(Source records)
···
(* Under the setup below, assume Conditions 1 and 2 hold and $p_\lambda$ is continuously differentiable on $(0,\infty)$. Let $\widehat\beta$ be a global minimizer of $L$ and $\delta=\widehat\beta-\beta_0$. On the event $\mathscr{E}=\{\|n^{-1}X^T\varepsilon\|_\infty\le\lambda_0/2\}$, $$n^{-1}\|X\delta\|_2^2+\lambda_0\|\widetilde\delta_2\|_1\le 7\lambda_0\|\widetilde\delta_1\|_1,$$ and consequently $\|\widetilde\delta_2\|_1\le7\|\widetilde\delta_1\|_1$, $\|\widetilde\delta_1\|_2\le 7\lambda_0s^{1/2}/\kappa^2$ and $\|\widetilde\delta_2\|_2\le 56\lambda_0 s^{1/2}/\kappa^2$, where $\kappa=\kappa(s,7)$.
   Context: Setup: linear model $y=X\beta_0+\varepsilon$ with $y\in\mathbb{R}^n$, deterministic design $X=(x_1,\dots,x_p)\in\mathbb{R}^{n\times p}$ with $\|x_j\|_2=n^{1/2}$ for all $j$, unknown $\beta_0\in\mathbb{R}^p$, noise $\varepsilon\in\mathbb{R}^n$. The support of $\beta_0$ is $\{1,\dots,s\}$: $\beta_0=(\widetilde\beta_{0,1}^T,0^T)^T$ with all $s$ entries of $\widetilde\beta_{0,1}$ nonzero. For $a\in\mathbb{R}^p$, $\widetilde a_1\in\mathbb{R}^s$ is its first $s$ components and $\widetilde a_2\in\mathbb{R}^{p-s}$ its remaining components. The penalty $p_\lambda:[0,\infty)\to[0,\infty)$, with $p_\lambda(0)=0$, is indexed by $\lambda\ge0$, and $p_\lambda(\infty)=\lim_{t\to\infty}p_\lambda(t)$. The objective is $L(\beta)=(2n)^{-1}\|y-X\beta\|_2^2+\lambda_0\|\beta\|_1+\sum_{j=1}^p p_\lambda(|\beta_j|)$ with $\lambda_0=c\{(\log p)/n\}^{1/2}$ for a fixed constant $c>0$. Condition 1: for some constant $\kappa_0>0$, $\min\{n^{-1/2}\|X\delta\|_2:\|\delta\|_2=1,\ \|\delta\|_0<2s\}\ge\kappa_0$, and $\kappa=\kappa(s,7)=\min\{n^{-1/2}\|X\delta\|_2/(\|\widetilde\delta_1\|_2\vee\|\widetilde\delta_2'\|_2):\ \delta\ne0,\ \|\widetilde\delta_2\|_1\le 7\|\widetilde\delta_1\|_1\}>0$, where $\widetilde\delta_2'$ is the subvector of $\widetilde\delta_2$ of its $s$ entries of largest absolute value. Condition 2: $p_\lambda$ is increasing and concave on $[0,\infty)$, $p_\lambda(t)\ge \tfrac12\{\lambda^2-(\lambda-t)_+^2\}$ on $[0,\lambda]$, $p_\lambda'\{(1-c_1)\lambda\}\le c_1\lambda$ for some $c_1\in[0,1)$, $-p_\lambda''$ is decreasing on $[0,(1-c_1)\lambda]$; moreover $p_\lambda'\{(1-c_1)\lambda\}\le\lambda_0/4$ and $\min_{1\le j\le s}|\beta_{0,j}|>\max\{(1-c_1)\lambda,\ 2\kappa_0^{-1}p_\lambda^{1/2}(\infty)\}$. *)

From Stdlib Require Import Reals Lra Lia List.
Import ListNotations.
Open Scope R_scope.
···
*Exercise brief:*
Each record must be reproduced exactly. Keep every one.

*Written solution:*
(* Under the setup below, assume Conditions 1 and 2 hold and $p_\lambda$ is continuously differentiable on $(0,\infty)$. Let $\widehat\beta$ be a global minimizer of $L$ and $\delta=\widehat\beta-\beta_0$. On the event $\mathscr{E}=\{\|n^{-1}X^T\varepsilon\|_\infty\le\lambda_0/2\}$, $$n^{-1}\|X\delta\|_2^2+\lambda_0\|\widetilde\delta_2\|_1\le 7\lambda_0\|\widetilde\delta_1\|_1,$$ and consequently $\|\widetilde\delta_2\|_1\le7\|\widetilde\delta_1\|_1$, $\|\widetilde\delta_1\|_2\le 7\lambda_0s^{1/2}/\kappa^2$ and $\|\widetilde\delta_2\|_2\le 56\lambda_0 s^{1/2}/\kappa^2$, where $\kappa=\kappa(s,7)$.
   Context: Setup: linear model $y=X\beta_0+\varepsilon$ with $y\in\mathbb{R}^n$, deterministic design $X=(x_1,\dots,x_p)\in\mathbb{R}^{n\times p}$ with $\|x_j\|_2=n^{1/2}$ for all $j$, unknown $\beta_0\in\mathbb{R}^p$, noise $\varepsilon\in\mathbb{R}^n$. The support of $\beta_0$ is $\{1,\dots,s\}$: $\beta_0=(\widetilde\beta_{0,1}^T,0^T)^T$ with all $s$ entries of $\widetilde\beta_{0,1}$ nonzero. For $a\in\mathbb{R}^p$, $\widetilde a_1\in\mathbb{R}^s$ is its first $s$ components and $\widetilde a_2\in\mathbb{R}^{p-s}$ its remaining components. The penalty $p_\lambda:[0,\infty)\to[0,\infty)$, with $p_\lambda(0)=0$, is indexed by $\lambda\ge0$, and $p_\lambda(\infty)=\lim_{t\to\infty}p_\lambda(t)$. The objective is $L(\beta)=(2n)^{-1}\|y-X\beta\|_2^2+\lambda_0\|\beta\|_1+\sum_{j=1}^p p_\lambda(|\beta_j|)$ with $\lambda_0=c\{(\log p)/n\}^{1/2}$ for a fixed constant $c>0$. Condition 1: for some constant $\kappa_0>0$, $\min\{n^{-1/2}\|X\delta\|_2:\|\delta\|_2=1,\ \|\delta\|_0<2s\}\ge\kappa_0$, and $\kappa=\kappa(s,7)=\min\{n^{-1/2}\|X\delta\|_2/(\|\widetilde\delta_1\|_2\vee\|\widetilde\delta_2'\|_2):\ \delta\ne0,\ \|\widetilde\delta_2\|_1\le 7\|\widetilde\delta_1\|_1\}>0$, where $\widetilde\delta_2'$ is the subvector of $\widetilde\delta_2$ of its $s$ entries of largest absolute value. Condition 2: $p_\lambda$ is increasing and concave on $[0,\infty)$, $p_\lambda(t)\ge \tfrac12\{\lambda^2-(\lambda-t)_+^2\}$ on $[0,\lambda]$, $p_\lambda'\{(1-c_1)\lambda\}\le c_1\lambda$ for some $c_1\in[0,1)$, $-p_\lambda''$ is decreasing on $[0,(1-c_1)\lambda]$; moreover $p_\lambda'\{(1-c_1)\lambda\}\le\lambda_0/4$ and $\min_{1\le j\le s}|\beta_{0,j}|>\max\{(1-c_1)\lambda,\ 2\kappa_0^{-1}p_\lambda^{1/2}(\infty)\}$. *)

From Stdlib Require Import Reals Lra Lia List.
Import ListNotations.
Open Scope R_scope.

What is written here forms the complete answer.